**WHAT YOU ARE ASKED TO DO**
What is needed here is an exact repetition of the records below, beginning at the line that has "- field. repeat split; lra." and stopping after the line that has "intros Hnu Ha Hab.".

BEGIN DATA IN THIS EXERCISE

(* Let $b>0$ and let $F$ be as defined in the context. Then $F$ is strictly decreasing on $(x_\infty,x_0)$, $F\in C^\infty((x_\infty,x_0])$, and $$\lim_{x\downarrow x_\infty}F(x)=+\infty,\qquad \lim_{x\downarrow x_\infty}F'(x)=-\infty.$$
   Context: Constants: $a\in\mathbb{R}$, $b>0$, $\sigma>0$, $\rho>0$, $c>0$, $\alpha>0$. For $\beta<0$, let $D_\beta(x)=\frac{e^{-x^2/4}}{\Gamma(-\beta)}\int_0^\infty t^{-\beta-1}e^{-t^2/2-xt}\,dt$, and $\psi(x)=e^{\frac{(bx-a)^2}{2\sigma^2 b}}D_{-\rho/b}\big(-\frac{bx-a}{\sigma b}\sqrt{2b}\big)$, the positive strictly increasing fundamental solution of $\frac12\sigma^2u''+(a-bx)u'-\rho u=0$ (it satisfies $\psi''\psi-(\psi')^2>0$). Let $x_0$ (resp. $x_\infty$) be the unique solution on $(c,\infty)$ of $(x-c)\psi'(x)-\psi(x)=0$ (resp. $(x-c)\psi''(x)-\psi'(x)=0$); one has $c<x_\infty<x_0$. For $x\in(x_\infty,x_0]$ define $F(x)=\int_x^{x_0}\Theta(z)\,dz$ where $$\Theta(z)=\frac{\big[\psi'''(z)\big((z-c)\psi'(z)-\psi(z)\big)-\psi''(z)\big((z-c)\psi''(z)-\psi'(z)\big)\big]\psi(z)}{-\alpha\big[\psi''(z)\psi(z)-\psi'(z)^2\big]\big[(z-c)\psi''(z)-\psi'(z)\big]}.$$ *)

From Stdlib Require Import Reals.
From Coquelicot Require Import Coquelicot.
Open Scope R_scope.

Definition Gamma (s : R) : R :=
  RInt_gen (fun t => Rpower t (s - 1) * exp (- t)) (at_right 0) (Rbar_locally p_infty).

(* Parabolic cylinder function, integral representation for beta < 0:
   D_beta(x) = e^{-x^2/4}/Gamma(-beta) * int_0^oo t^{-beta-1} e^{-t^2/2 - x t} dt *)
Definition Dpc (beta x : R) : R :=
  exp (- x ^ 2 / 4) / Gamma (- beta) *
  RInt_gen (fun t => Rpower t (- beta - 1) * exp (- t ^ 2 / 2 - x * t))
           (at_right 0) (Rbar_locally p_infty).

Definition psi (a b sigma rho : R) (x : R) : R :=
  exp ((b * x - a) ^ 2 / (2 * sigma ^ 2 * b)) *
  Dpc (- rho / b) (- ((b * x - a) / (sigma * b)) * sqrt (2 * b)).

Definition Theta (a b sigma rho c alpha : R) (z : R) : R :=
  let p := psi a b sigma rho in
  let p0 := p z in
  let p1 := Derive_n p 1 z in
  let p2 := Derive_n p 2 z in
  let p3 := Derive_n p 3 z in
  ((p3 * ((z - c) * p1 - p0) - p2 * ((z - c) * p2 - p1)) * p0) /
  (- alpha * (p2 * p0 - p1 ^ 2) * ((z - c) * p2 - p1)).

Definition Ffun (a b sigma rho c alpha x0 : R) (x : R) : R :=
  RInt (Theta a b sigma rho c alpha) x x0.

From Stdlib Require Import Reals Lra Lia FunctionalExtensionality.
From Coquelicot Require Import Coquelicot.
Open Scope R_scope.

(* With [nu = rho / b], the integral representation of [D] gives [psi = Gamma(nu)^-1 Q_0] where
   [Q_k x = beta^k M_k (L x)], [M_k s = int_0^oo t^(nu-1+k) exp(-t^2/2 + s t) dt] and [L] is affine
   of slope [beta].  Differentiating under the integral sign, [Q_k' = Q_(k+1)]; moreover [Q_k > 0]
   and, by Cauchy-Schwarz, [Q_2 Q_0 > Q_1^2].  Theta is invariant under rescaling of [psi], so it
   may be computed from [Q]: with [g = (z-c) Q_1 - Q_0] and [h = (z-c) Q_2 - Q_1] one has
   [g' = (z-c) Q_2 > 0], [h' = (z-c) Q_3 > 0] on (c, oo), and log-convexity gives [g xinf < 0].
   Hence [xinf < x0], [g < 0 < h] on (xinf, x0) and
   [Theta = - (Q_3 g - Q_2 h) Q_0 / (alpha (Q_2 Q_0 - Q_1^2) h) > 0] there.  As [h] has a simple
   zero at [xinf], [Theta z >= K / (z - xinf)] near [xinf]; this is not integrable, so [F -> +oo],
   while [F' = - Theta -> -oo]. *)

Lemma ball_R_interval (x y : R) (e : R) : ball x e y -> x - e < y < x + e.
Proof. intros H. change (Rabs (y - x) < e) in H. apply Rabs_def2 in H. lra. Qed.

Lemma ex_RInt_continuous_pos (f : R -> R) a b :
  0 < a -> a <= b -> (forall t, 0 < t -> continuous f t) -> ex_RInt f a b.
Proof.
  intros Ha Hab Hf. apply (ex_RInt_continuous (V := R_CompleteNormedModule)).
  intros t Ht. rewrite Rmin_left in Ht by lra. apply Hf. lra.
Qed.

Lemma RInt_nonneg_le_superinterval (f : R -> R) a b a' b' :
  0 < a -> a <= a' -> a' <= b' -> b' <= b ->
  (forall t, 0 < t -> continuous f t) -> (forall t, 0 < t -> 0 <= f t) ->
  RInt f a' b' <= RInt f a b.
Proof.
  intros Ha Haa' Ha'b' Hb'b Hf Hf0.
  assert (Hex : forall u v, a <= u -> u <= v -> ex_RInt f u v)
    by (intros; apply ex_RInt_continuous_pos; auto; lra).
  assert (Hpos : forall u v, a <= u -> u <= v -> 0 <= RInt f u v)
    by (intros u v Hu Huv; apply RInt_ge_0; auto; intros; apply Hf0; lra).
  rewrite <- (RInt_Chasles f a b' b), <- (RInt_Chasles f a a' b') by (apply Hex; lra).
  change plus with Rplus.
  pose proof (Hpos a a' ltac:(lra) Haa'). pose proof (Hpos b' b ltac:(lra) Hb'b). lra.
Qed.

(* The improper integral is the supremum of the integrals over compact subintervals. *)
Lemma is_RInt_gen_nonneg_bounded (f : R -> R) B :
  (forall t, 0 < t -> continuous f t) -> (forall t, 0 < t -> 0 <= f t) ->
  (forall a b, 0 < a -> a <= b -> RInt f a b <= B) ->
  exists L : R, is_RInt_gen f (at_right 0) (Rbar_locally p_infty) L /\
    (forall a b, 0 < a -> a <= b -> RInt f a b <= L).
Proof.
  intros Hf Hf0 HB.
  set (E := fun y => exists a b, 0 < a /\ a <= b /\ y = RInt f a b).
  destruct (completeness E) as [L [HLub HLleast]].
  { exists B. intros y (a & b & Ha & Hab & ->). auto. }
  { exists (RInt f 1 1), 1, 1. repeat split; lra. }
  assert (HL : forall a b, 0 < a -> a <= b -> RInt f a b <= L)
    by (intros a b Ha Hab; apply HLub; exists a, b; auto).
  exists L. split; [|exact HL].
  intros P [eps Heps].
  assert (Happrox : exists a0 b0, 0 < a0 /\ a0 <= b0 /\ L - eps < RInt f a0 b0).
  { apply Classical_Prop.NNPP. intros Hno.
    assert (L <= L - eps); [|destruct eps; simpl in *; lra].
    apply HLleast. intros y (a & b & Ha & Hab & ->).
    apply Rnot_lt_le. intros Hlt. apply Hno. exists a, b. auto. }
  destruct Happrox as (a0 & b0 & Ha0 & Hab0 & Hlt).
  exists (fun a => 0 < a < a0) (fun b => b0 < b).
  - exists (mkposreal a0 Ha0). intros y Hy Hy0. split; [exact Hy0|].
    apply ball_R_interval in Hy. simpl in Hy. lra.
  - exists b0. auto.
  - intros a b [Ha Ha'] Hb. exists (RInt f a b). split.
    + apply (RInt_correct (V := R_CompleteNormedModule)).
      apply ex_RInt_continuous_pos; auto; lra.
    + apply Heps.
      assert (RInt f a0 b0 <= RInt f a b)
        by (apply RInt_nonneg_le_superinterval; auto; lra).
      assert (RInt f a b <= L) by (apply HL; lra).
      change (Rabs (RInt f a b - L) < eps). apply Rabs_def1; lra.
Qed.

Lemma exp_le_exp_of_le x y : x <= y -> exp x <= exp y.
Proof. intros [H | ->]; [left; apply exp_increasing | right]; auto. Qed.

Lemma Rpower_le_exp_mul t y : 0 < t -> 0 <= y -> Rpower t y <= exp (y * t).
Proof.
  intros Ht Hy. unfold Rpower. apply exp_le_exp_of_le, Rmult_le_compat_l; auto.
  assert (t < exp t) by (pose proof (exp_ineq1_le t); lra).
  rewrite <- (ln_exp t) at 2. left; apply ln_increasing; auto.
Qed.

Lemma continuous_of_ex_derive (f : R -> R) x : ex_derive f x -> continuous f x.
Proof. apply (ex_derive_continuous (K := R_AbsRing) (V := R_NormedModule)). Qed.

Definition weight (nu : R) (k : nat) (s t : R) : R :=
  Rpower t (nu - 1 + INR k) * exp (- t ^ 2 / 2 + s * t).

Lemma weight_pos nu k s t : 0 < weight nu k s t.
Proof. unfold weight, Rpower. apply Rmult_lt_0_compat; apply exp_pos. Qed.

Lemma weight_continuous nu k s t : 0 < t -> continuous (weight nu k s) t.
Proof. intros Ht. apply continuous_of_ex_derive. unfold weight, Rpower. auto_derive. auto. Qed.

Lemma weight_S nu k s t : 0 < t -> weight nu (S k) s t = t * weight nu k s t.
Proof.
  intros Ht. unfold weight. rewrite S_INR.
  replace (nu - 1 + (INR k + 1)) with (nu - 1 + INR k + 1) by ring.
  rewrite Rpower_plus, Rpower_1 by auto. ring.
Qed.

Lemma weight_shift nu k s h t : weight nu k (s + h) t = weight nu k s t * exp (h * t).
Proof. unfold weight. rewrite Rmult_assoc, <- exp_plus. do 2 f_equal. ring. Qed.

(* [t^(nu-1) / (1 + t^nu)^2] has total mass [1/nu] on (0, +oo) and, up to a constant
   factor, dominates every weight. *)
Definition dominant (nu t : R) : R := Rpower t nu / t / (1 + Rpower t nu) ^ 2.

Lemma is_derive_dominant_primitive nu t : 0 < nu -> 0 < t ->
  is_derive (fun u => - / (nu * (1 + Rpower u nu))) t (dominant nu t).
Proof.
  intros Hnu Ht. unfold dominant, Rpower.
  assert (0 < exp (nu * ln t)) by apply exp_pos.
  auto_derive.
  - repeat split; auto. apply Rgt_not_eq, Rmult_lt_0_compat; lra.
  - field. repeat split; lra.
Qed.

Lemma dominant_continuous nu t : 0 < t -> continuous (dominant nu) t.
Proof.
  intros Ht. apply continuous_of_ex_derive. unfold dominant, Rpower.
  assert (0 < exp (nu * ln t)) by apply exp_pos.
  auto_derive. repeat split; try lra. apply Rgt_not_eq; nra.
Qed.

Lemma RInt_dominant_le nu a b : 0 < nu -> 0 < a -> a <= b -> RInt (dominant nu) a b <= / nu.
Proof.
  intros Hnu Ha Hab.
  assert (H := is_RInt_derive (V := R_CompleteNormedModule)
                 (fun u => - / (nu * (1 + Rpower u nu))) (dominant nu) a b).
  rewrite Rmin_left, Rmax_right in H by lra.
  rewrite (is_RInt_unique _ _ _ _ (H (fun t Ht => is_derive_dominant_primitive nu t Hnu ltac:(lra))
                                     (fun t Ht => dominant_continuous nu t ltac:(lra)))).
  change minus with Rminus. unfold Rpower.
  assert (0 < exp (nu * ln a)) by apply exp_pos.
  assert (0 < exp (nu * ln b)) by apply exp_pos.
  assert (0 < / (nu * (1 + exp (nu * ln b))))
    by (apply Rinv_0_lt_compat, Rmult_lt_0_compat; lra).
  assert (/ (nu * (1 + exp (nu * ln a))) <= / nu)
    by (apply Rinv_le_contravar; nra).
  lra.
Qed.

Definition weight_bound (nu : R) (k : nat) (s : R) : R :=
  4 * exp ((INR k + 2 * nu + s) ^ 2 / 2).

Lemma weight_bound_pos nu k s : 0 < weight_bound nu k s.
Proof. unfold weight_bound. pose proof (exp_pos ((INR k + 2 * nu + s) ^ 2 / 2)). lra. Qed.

END DATA IN THIS EXERCISE

**RESULT FOR THIS TASK**
  - field. repeat split; lra.
Qed.

Lemma dominant_continuous nu t : 0 < t -> continuous (dominant nu) t.
Proof.
  intros Ht. apply continuous_of_ex_derive. unfold dominant, Rpower.
  assert (0 < exp (nu * ln t)) by apply exp_pos.
  auto_derive. repeat split; try lra. apply Rgt_not_eq; nra.
Qed.

Lemma RInt_dominant_le nu a b : 0 < nu -> 0 < a -> a <= b -> RInt (dominant nu) a b <= / nu.
Proof.
  intros Hnu Ha Hab.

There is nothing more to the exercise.